Beguine Spirituality: An Invitation and Inspiration for Women Today

Beguine Spirituality: An Invitation and Inspiration for Women Today August 21, 2011

During the past twenty plus years as a facilitator for the feminine spiritual/creative process, I’ve heard profound stories of heartfelt longing from many women.  The common root of this longing is a desire  to be part of a women’s spiritual circle or community.  Women are seeking to know other “sisters” who share a common call… a call to to know God in a deeper and personal way and to offer help and healing to our suffering world.

In the mid-twelfth and thirteenth centuries in Belgium, France, Germany, and the Netherlands women shared a similar longing.  They responded with the creation and establishment of Christ-centered women’s communities.  The Beguines were women who  pursued personal spiritual growth and development while remaining independent from the traditional ways for religious women of their day.  Rather than take the veil and vows as nuns of the established Church, the Beguines often pooled their funds to purchase large homes where they could live and work with faithful like-minded kindred spirits.
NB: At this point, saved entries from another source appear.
(* Let $m \ge 2$ and $n \ge 2m+1$ be integers, and write $p_j = n-2m+2j$. Then for every real $r$ with $|r|<1$, $$\int_{-1}^1 \frac{U_n(s)(1-s^2)^{m-\frac{1}{2}}}{(s-r)^4}\,ds = (-1)^{m}\left(\frac{1}{2}\right)^{2m+1}\frac{1}{3}\frac{\pi}{(1-r^2)^2}\sum_{j=0}^{2m-2}(-1)^j\binom{2m-2}{j}(p_j+3)\Big\{(p_j+4)(p_j+5)U_{p_j}(r)-\big[2p_j^2+12p_j+10\big]U_{p_j+2}(r)+(p_j+2)(p_j+1)U_{p_j+4}(r)\Big\},$$ where the integral is a Hadamard finite-part integral.
   Context: $U_k(s)=\frac{\sin((k+1)\cos^{-1}s)}{\sin(\cos^{-1}s)}$ is the Tchebyshev polynomial of the second kind. For a positive integer $\alpha\ge 2$ and $|r|<1$, the integral $\int_{-1}^1 \frac{D(s)}{(s-r)^\alpha}ds$ is understood in the Hadamard finite-part sense; in particular it satisfies $\int_{-1}^1 \frac{D(s)}{(s-r)^{\alpha}}ds=\frac{1}{\alpha-1}\frac{d}{dr}\int_{-1}^1\frac{D(s)}{(s-r)^{\alpha-1}}ds$, where for $\alpha-1=1$ the right-hand integral is a Cauchy principal value. $\binom{a}{j}=\frac{a!}{j!(a-j)!}$. *)

From Stdlib Require Import Reals.
From Coquelicot Require Import Coquelicot.
Open Scope R_scope.

Definition U (k : nat) (s : R) : R :=
  sin (INR (S k) * acos s) / sin (acos s).

Definition is_PV (D : R -> R) (r l : R) : Prop :=
  filterlim
    (fun eps => RInt (fun s => D s / (s - r)) (-1) (r - eps)
              + RInt (fun s => D s / (s - r)) (r + eps) 1)
    (at_right 0) (locally l).

(* Hadamard finite part of order (k+1):
   is_FP D k r l  means  f.p. int_{-1}^1 D(s)/(s-r)^(k+1) ds = l,
   defined through the recursion
     FP_{a}(r) = 1/(a-1) d/dr FP_{a-1}(r),   FP_1 = principal value,
   for r in (-1,1). *)
Fixpoint is_FP (D : R -> R) (k : nat) (r l : R) : Prop :=
  match k with
  | O => is_PV D r l
  | S k' => exists F : R -> R,
      (forall r', -1 < r' < 1 -> is_FP D k' r' (F r')) /\
      is_derive F r (INR (S k') * l)
  end.

From Stdlib Require Import Reals Lra Lia.
From Coquelicot Require Import Coquelicot.
Open Scope R_scope.

(* With s = cos t the density U_n(s) (1 - s^2)^(m - 1/2) is sin ((n + 1) t) sin^(2m - 2) t,
   a finite combination of the functions sin (N acos s) with N = p_j + 3.  For these,
   PV int_{-1}^1 sin (N acos s) / (s - r) ds = - PI cos (N acos r): for N = 1 by an explicit
   primitive, and for all N by the recurrence sin ((N + 2) t) = 2 cos t sin ((N + 1) t) - sin (N t),
   whose extra term 2 (s - r) sin ((N + 1) acos s) / (s - r) is regular.  The finite part of order 4
   is a sixth of the third r-derivative of the principal value, and 4 (1 - r^2)^2 times the third
   derivative of cos (N acos r) is the combination of U_(N-3), U_(N-1), U_(N+1) in the statement. *)

Lemma continuous_at_right (f : R -> R) (a l : R) :
  continuous f a -> f a = l -> filterlim f (at_right a) (locally l).
Proof. intros Hf <-. apply filterlim_filter_le_1 with (2 := Hf). apply filter_le_within. Qed.

Lemma continuous_of_ex_derive (f : R -> R) (x : R) : ex_derive f x -> continuous f x.
Proof. apply (ex_derive_continuous (V := R_NormedModule)). Qed.

Lemma continuous_sum_f_R0 (f : nat -> R -> R) (K : nat) (x : R) :
  (forall j, continuous (f j) x) -> continuous (fun y => sum_f_R0 (fun j => f j y) K) x.
Proof.
  intros Hf. induction K as [|K IH]; [apply Hf|].
  apply (continuous_plus (fun y => sum_f_R0 (fun j => f j y) K) (f (S K))); auto.
Qed.

Lemma is_derive_sum_f_R0 (f : nat -> R -> R) (df : nat -> R) (K : nat) (x : R) :
  (forall j, (j <= K)%nat -> is_derive (f j) x (df j)) ->
  is_derive (fun y => sum_f_R0 (fun j => f j y) K) x (sum_f_R0 df K).
Proof.
  intros Hf. rewrite <- sum_n_Reals.
  apply (is_derive_ext (fun y => sum_n (fun j => f j y) K)).
  - intros y. apply sum_n_Reals.
  - apply (is_derive_sum_n (V := R_NormedModule) f K x df Hf).
Qed.

Lemma sum_f_R0_scal_l (f : nat -> R) (c : R) (K : nat) :
  sum_f_R0 (fun j => c * f j) K = c * sum_f_R0 f K.
Proof. rewrite scal_sum. apply sum_eq. intros; ring. Qed.

(* On [-1, 1], acos x = PI/2 - asin x and tan (asin x / 2) = x / (1 + sqrt (1 - x²)).  Unlike
   acos, whose library theory stops at the open interval, this formula is visibly continuous on all
   of R, as integrating sin (N acos s) up to the endpoints requires. *)
Definition arccos (x : R) : R := PI / 2 - 2 * atan (x / (1 + sqrt (1 - x²))).

Lemma arccos_acos (x : R) : -1 <= x <= 1 -> arccos x = acos x.
Proof.
  intros Hx. rewrite acos_asin by lra. unfold arccos.
  pose proof (asin_bound x). pose proof PI_RGT_0.
  assert (Hs : sin (asin x) = x) by (apply sin_asin; lra).
  assert (Hc : cos (asin x) = sqrt (1 - x²)) by (apply cos_asin; lra).
  set (t := asin x / 2).
  replace (asin x) with (2 * t) in Hs, Hc by (unfold t; field).
  assert (Htan : tan t = x / (1 + sqrt (1 - x²))).
  { assert (0 < cos t) by (apply cos_gt_0; unfold t; lra).
    rewrite <- Hc, <- Hs, sin_2a, cos_2a_cos. unfold tan. field. split; nra. }
  rewrite <- Htan, atan_tan by (unfold t; lra). unfold t. lra.
Qed.

Lemma continuous_arccos (x : R) : continuous arccos x.
Proof.
  assert (Hsq : 0 <= sqrt (1 - x²)) by apply sqrt_pos.
  apply (continuous_minus (fun _ => PI / 2)); [apply continuous_const|].
  apply (continuous_scal_r 2 (fun y => atan (y / (1 + sqrt (1 - y²))))).
  apply continuous_atan_comp.
  apply (continuous_mult (K := R_AbsRing) (fun y => y)); [apply continuous_id|].
  apply continuous_Rinv_comp; [|lra].
  apply (continuous_plus (fun _ => 1)); [apply continuous_const|].
  apply continuous_sqrt_comp, continuous_of_ex_derive. auto_derive. auto.
Qed.

Lemma RInt_ext_le (f g : R -> R) (a b : R) :
  a <= b -> (forall x, a < x < b -> f x = g x) -> RInt f a b = RInt g a b.
Proof. intros Hab Hfg. apply RInt_ext. rewrite Rmin_left, Rmax_right by lra. exact Hfg. Qed.

Lemma RInt_primitive (F f : R -> R) (a b : R) : a <= b ->
  (forall x, a <= x <= b -> is_derive F x (f x)) -> (forall x, a <= x <= b -> continuous f x) ->
  (RInt f a b : R) = F b - F a.
Proof.
  intros Hab HF Hf. apply is_RInt_unique, (is_RInt_derive F f); rewrite Rmin_left, Rmax_right; auto.
Qed.

Lemma continuous_quotient (D : R -> R) (r s : R) :
  continuous D s -> s <> r -> continuous (fun s => D s / (s - r)) s.
Proof.
  intros HD Hs. apply (continuous_mult (K := R_AbsRing)); [exact HD|].
  apply continuous_Rinv_comp; [|lra].
  apply (continuous_minus (fun s => s) (fun _ => r)); [apply continuous_id | apply continuous_const].
Qed.

Section PrincipalValue.

Variable r : R.
Hypothesis Hr : -1 < r < 1.

Lemma eventually_inside (P : R -> Prop) :
  (forall eps, 0 < eps -> -1 < r - eps -> r + eps < 1 -> P eps) -> at_right 0 P.
Proof.
  intros HP. assert (Hd : 0 < Rmin (1 - r) (1 + r)) by (apply Rmin_pos; lra).
  exists (mkposreal _ Hd). intros eps Heps Hpos. simpl in Heps.
  unfold ball in Heps; simpl in Heps; unfold AbsRing_ball, abs, minus, plus, opp in Heps; simpl in Heps.
  rewrite Ropp_0, Rplus_0_r, Rabs_right in Heps by lra.
  pose proof (Rmin_l (1 - r) (1 + r)). pose proof (Rmin_r (1 - r) (1 + r)). apply HP; lra.
Qed.

Lemma ex_RInt_quotient (D : R -> R) (a b : R) :
  (forall s, continuous D s) -> (a <= b < r \/ r < a <= b) ->
  ex_RInt (fun s => D s / (s - r)) a b.
Proof.
  intros HD Hab. apply (ex_RInt_continuous (V := R_CompleteNormedModule)).
  rewrite Rmin_left, Rmax_right by lra. intros s Hs. apply continuous_quotient; [apply HD | lra].
Qed.

Lemma is_PV_ext (D1 D2 : R -> R) (l : R) :
  (forall s, -1 < s < 1 -> D1 s = D2 s) -> is_PV D1 r l -> is_PV D2 r l.
Proof.
  intros HD. apply filterlim_ext_loc.
  apply eventually_inside. intros eps H0 H1 H2.
  f_equal; apply RInt_ext_le; try lra; intros s Hs; rewrite HD by lra; reflexivity.
Qed.

Lemma is_PV_plus (D1 D2 : R -> R) (l1 l2 : R) :
  (forall s, continuous D1 s) -> (forall s, continuous D2 s) ->
  is_PV D1 r l1 -> is_PV D2 r l2 -> is_PV (fun s => D1 s + D2 s) r (l1 + l2).
Proof.
  intros C1 C2 H1 H2. unfold is_PV.
  eapply filterlim_ext_loc;
    [|eapply filterlim_comp_2; [exact H1 | exact H2 | apply (filterlim_plus l1 l2)]].
  apply eventually_inside. intros eps H0 H3 H4.
  assert (Hsplit : forall a b, (a <= b < r \/ r < a <= b) ->
    RInt (fun s => (D1 s + D2 s) / (s - r)) a b
    = RInt (fun s => D1 s / (s - r)) a b + RInt (fun s => D2 s / (s - r)) a b).
  { intros a b Hab. rewrite <- (RInt_plus (fun s => D1 s / (s - r))) by (apply ex_RInt_quotient; auto).
    apply RInt_ext. intros s _. exact (Rmult_plus_distr_r _ _ _). }
  rewrite !Hsplit by lra. unfold plus; simpl. ring.
Qed.

Lemma is_PV_scal (c : R) (D : R -> R) (l : R) :
  (forall s, continuous D s) -> is_PV D r l -> is_PV (fun s => c * D s) r (c * l).
Proof.
  intros C H. unfold is_PV.
  eapply filterlim_ext_loc; [|eapply filterlim_comp; [exact H | apply (filterlim_scal_r c l)]].
  apply eventually_inside. intros eps H0 H3 H4.
  assert (Hsplit : forall a b, (a <= b < r \/ r < a <= b) ->
    RInt (fun s => c * D s / (s - r)) a b = c * RInt (fun s => D s / (s - r)) a b).
  { intros a b Hab. rewrite <- (RInt_scal (fun s => D s / (s - r))) by (apply ex_RInt_quotient; auto).
    apply RInt_ext. intros s _. exact (Rmult_assoc _ _ _). }
  rewrite !Hsplit by lra. unfold scal; simpl; unfold mult; simpl. ring.
Qed.

Lemma is_PV_sum (D : nat -> R -> R) (l : nat -> R) (K : nat) :
  (forall j s, continuous (D j) s) -> (forall j, (j <= K)%nat -> is_PV (D j) r (l j)) ->
  is_PV (fun s => sum_f_R0 (fun j => D j s) K) r (sum_f_R0 l K).
Proof.
  intros C H. induction K as [|K IH]; [apply H; lia|].
  apply is_PV_plus; auto.
  intros s. apply continuous_sum_f_R0. auto.
Qed.

Lemma is_PV_regular (g : R -> R) :
  (forall s, continuous g s) -> is_PV (fun s => (s - r) * g s) r (RInt g (-1) 1).
Proof.
  intros Hg.
  set (G := fun x => RInt g 0 x).
  assert (HG : forall x, is_derive G x (g x)).
  { intros x. apply (is_derive_RInt g G 0).
    - apply filter_forall. intros z. apply (RInt_correct (V := R_CompleteNormedModule)).
      apply (ex_RInt_continuous (V := R_CompleteNormedModule)). auto.
    - apply Hg. }
  assert (Hint : forall a b, a <= b -> RInt g a b = G b - G a) by (intros; apply RInt_primitive; auto).
  unfold is_PV.
  apply (filterlim_ext_loc (fun eps => RInt g (-1) 1 - (G (r + eps) - G (r - eps)))).
  - apply eventually_inside. intros eps H0 H1 H2.
    assert (Hcancel : forall a b, (a <= b < r \/ r < a <= b) ->
      RInt (fun s => (s - r) * g s / (s - r)) a b = RInt g a b).
    { intros a b Hab. apply RInt_ext_le; [lra|]. intros s Hs.
      field. lra. }
    rewrite !Hcancel, !Hint by lra. ring.
  - apply continuous_at_right; [|rewrite Rplus_0_r, Rminus_0_r; ring].
    apply continuous_of_ex_derive. auto_derive.
    split; [exists (g (r + 0)); apply HG|]. split; [exists (g (r - 0)); apply HG|]. easy.
Qed.

End PrincipalValue.

Definition sin_arccos (N : nat) (s : R) : R := sin (INR N * arccos s).

Lemma continuous_sin_arccos (N : nat) (s : R) : continuous (sin_arccos N) s.
Proof.
  apply continuous_sin_comp.
  apply (continuous_scal_r (INR N) arccos), continuous_arccos.
Qed.

Lemma sin_arccos_cos (N : nat) (y : R) : 0 <= y <= PI -> sin_arccos N (cos y) = sin (INR N * y).
Proof.
  intros Hy. unfold sin_arccos.
  rewrite arccos_acos, acos_cos by (auto; apply COS_bound). reflexivity.
Qed.

Lemma sin_arccos_rec (N : nat) (s : R) : -1 <= s <= 1 ->
  sin_arccos (S (S N)) s = 2 * s * sin_arccos (S N) s - sin_arccos N s.
Proof.
  intros Hs. unfold sin_arccos. rewrite !S_INR.
  set (t := arccos s).
  assert (Ht : cos t = s) by (unfold t; rewrite arccos_acos by lra; apply cos_acos; lra).
  replace ((INR N + 1 + 1) * t) with ((INR N + 1) * t + t) by ring.
  replace (INR N * t) with ((INR N + 1) * t - t) by ring.
  rewrite sin_plus, sin_minus, Ht. ring.
Qed.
Their communities were self sufficient and the women remained independent and were free to marry.  They were charitable and hard-working as they fed the poor and cared for the sick.
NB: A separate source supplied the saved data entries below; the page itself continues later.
Lemma natmem_snoc_last b T : natmem (set_snoc (b, T)) N = b.
Proof. by rewrite (natmemS _ (ltnSn N)) inE /= ltnn. Qed.

Lemma set_snoc_bij : bijective set_snoc.
Proof.
exists (fun S => (natmem S N, [set y : 'I_N | natmem S y])).
  move=> [b T] /=; rewrite natmem_snoc_last; congr pair; apply/setP => y.
  by rewrite inE natmem_snoc ?ltn_ord // natmemE.
move=> S; apply/setP => x; rewrite inE /=; case: ltnP => [lt_x|ge_x].
  by rewrite (natmemS _ lt_x) inE /= natmemE.
have xN : nat_of_ord x = N by apply/eqP; rewrite eqn_leq ge_x -ltnS ltn_ord.
by rewrite -natmemE xN.
Qed.

Lemma card_set_snoc b T : #|set_snoc (b, T)| = (#|T| + b)%N.
Proof.
rewrite !card_natmem nbeforeS natmem_snoc_last; congr (_ + _)%N.
by apply: eq_nbefore (leqnn N) => a; apply: natmem_snoc.
Qed.

Lemma inversions_snoc b T :
  inversions (natmem (set_snoc (b, T))) N.+1 =
  (inversions (natmem T) N + (if b then N - #|T| else 0))%N.
Proof.
have snocC j : (j <= N)%N ->
    nbefore (predC (natmem (set_snoc (b, T)))) j = nbefore (predC (natmem T)) j.
  by move=> le_j; apply: eq_nbefore le_j => a lt_a /=; rewrite natmem_snoc.
rewrite /inversions big_nat_recr //= natmem_snoc_last snocC //; congr (_ + _)%N.
  apply: eq_big_nat => j /andP[_ lt_j].
  by rewrite natmem_snoc // snocC // ltnW.
by case: b {snocC} => //; rewrite card_natmem; have := nbefore_predC (natmem T) N; lia.
Qed.

End SetSnoc.

Section InversionGeneratingFunction.
Variable K : fieldType.
Local Notation q := (qvar K).

Lemma sum_q_inversions0 N :
  \sum_(S : {set 'I_N} | #|S| == 0) q ^+ inversions (natmem S) N = 1.
Proof.
rewrite (big_pred1 set0) => [|S]; last by rewrite /= cards_eq0.
rewrite /inversions big1_seq ?expr0 // => j _.
by rewrite /natmem; case: insub => // x; rewrite inE.
Qed.

Lemma sum_q_inversions N k :
  \sum_(S : {set 'I_N} | #|S| == k) q ^+ inversions (natmem S) N = qbinom K N k.
Proof.
elim: N k => [|N IH] [|k]; rewrite ?sum_q_inversions0 ?qbinom0 //.
  rewrite big_pred0 ?qbinom_small // => S.
  by have := max_card (mem S); rewrite card_ord; case: #|S|.
have sum_snoc (G : {set 'I_N.+1} -> {fraction {poly K}}) :
    \sum_S G S = \sum_T G (set_snoc (true, T)) + \sum_T G (set_snoc (false, T)).
  rewrite (reindex _ (onW_bij _ (set_snoc_bij N))).
  rewrite -(big_bool _ (fun b => \sum_T G (set_snoc (b, T)))) pair_bigA.
  by apply: eq_bigr => -[].
rewrite big_mkcond sum_snoc qbinomSS addrC -!IH mulr_sumr [in RHS]big_mkcond.
congr (_ + _); last rewrite [RHS]big_mkcond; apply: eq_bigr => T _.
  by rewrite card_set_snoc inversions_snoc !addn0.
rewrite card_set_snoc inversions_snoc addn1 eqSS.
by case: eqP => [->|_]; rewrite ?mulr0 // exprD mulrC.
Qed.

Lemma sum_q_inversionsC N k : (k <= N)%N ->
  \sum_(S : {set 'I_N} | #|S| == k) q ^+ inversions (predC (natmem S)) N = qbinom K N k.
Proof.
move=> le_k; rewrite (reindex_inj (@setC_inj _)) /=.
rewrite (eq_bigl (fun S : {set 'I_N} => #|S| == N - k)%N) => [|S]; last first.
  move: (cardsC S) (max_card (mem S)); rewrite !card_ord /= => cardSC le_S.
  by apply/eqP/eqP; lia.
rewrite -qbinom_sym // -sum_q_inversions; apply: eq_bigr => S _.
by congr (_ ^+ _); apply: eq_inversions => a lt_a; rewrite /= natmemC // negbK.
Qed.

Lemma sum_q_inversion_word s' n1 n2 :
  \sum_(S : {set 'I_(n1 + n2)} | #|S| == n1)
     q ^+ inversions (inversion_word s' (natmem S)) (n1 + n2) = qbinom K (n1 + n2) n1.
Proof.
by case: s' => /=; rewrite ?sum_q_inversions ?sum_q_inversionsC ?leq_addr.
Qed.

End InversionGeneratingFunction.

Lemma sum_phiASM_shuffle K s' n1 n2 (d1 : 'M[int]_n1) (d2 : 'M[int]_n2) :
  is_asm d1 -> is_asm d2 ->
  \sum_(S : {set 'I_(n1 + n2)} | #|S| == n1) phiASM K s' (shuffle_asm S d1 d2)
  = phiASM K s' d1 * phiASM K s' d2.
Proof.
move=> asm1 asm2.
have summandE (S : {set 'I_(n1 + n2)}) : #|S| == n1 -> phiASM K s' (shuffle_asm S d1 d2) =
    qvar K ^+ (count_type s' d1 + count_type s' d2) / qfact K (n1 + n2) *
    qvar K ^+ inversions (inversion_word s' (natmem S)) (n1 + n2).
  move=> /eqP card_S; rewrite /phiASM (count_type_shuffle card_S asm1 asm2).
  rewrite (type_counts_inversions _ (nbefore_shuffle card_S) (nbefore_shuffleC card_S)).
  by rewrite exprD mulrAC.
rewrite (eq_bigr _ summandE) -mulr_sumr sum_q_inversion_word /qbinom leq_addr addKn.
rewrite /phiASM exprD.
by rewrite mulrA divfK ?qfact_neq0 // invfM mulrACA.
Qed.

Theorem proposition4p4 (K : fieldType) (hK : [pchar K] =i pred0) (s' : vtype) :
  phiPM K s' (const_mx false : 'M[bool]_0) = 1 /\
  (forall (n1 n2 : nat) (d1 : 'M[int]_n1) (d2 : 'M[int]_n2),
     is_asm d1 -> is_asm d2 ->
     \sum_(S : {set 'I_(n1 + n2)} | #|S| == n1)
        phiPM K s' (shuffle S (supp d1) (supp d2))
     = phiPM K s' (supp d1) * phiPM K s' (supp d2)).
Proof.
split=> [|n1 n2 d1 d2 asm1 asm2].
  have asm0 : is_asm (const_mx 0 : 'M[int]_0) by apply/and3P; split; apply/forallP => -[].
  have -> : const_mx false = supp (const_mx 0 : 'M[int]_0) by apply/matrixP => -[].
  by rewrite phiPM_supp // /phiASM count_type_natE /count_type_nat big_geq // expr0 qfact0 divr1.
rewrite !phiPM_supp // -sum_phiASM_shuffle //; apply: eq_bigr => S /eqP card_S.
by rewrite -supp_shuffle_asm phiPM_supp // is_asm_shuffle.
Qed.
The Beguines were radical revolutionaries for their day.  They were both tolerated and also tormented by Church authorities.  The Beguine way of life provided an alternative to vowed monasticism or life as a “lay-person.”  Their middle-way was suspect to many and often seen as heretical.  Beguine life was unique for each community.  There was diversity in the ways the communities functioned while a devout love of Christ and ways of simplicity were central and universal to Beguine spirituality.

The times we are living in are once again inspiring women to gather in community, in new and creative ways. While the contemporary Church and organized religion move through a period of transition, women and men are seeking alternative forms of worship and pathways to spiritual nurturance, fulfillment, and service to others.

With regard to women’s communities, we have  Medieval inspiration to draw from, left to us by the Beguines.  Today, women seeking spiritual growth and sacramental celebration are coming together in living rooms, the office place, coffee shops, and community centers.  They gather to share the stories of their journeys, to break bread, to study Scripture and spiritual thought, and to honor one another’s gifts and life’s passages.  Online women’s communities are also forming.  This weaving of global circles of women provides new opportunities for collaboration, study, and service across the planet.

The Beguines were creative and courageous.  They were innovative and imaginative.  Perhaps they are calling to women today… in our dreams.  Perhaps a look at the Beguines’ way of life could reopen pathways leading to a deeper relationship with the Sacred.

How will we respond to the invitation?  How might we co-create with the spirits of our medieval sisters?  What new forms of worship, sacrament, and celebration await us if we dare to revisit the past to inform the present?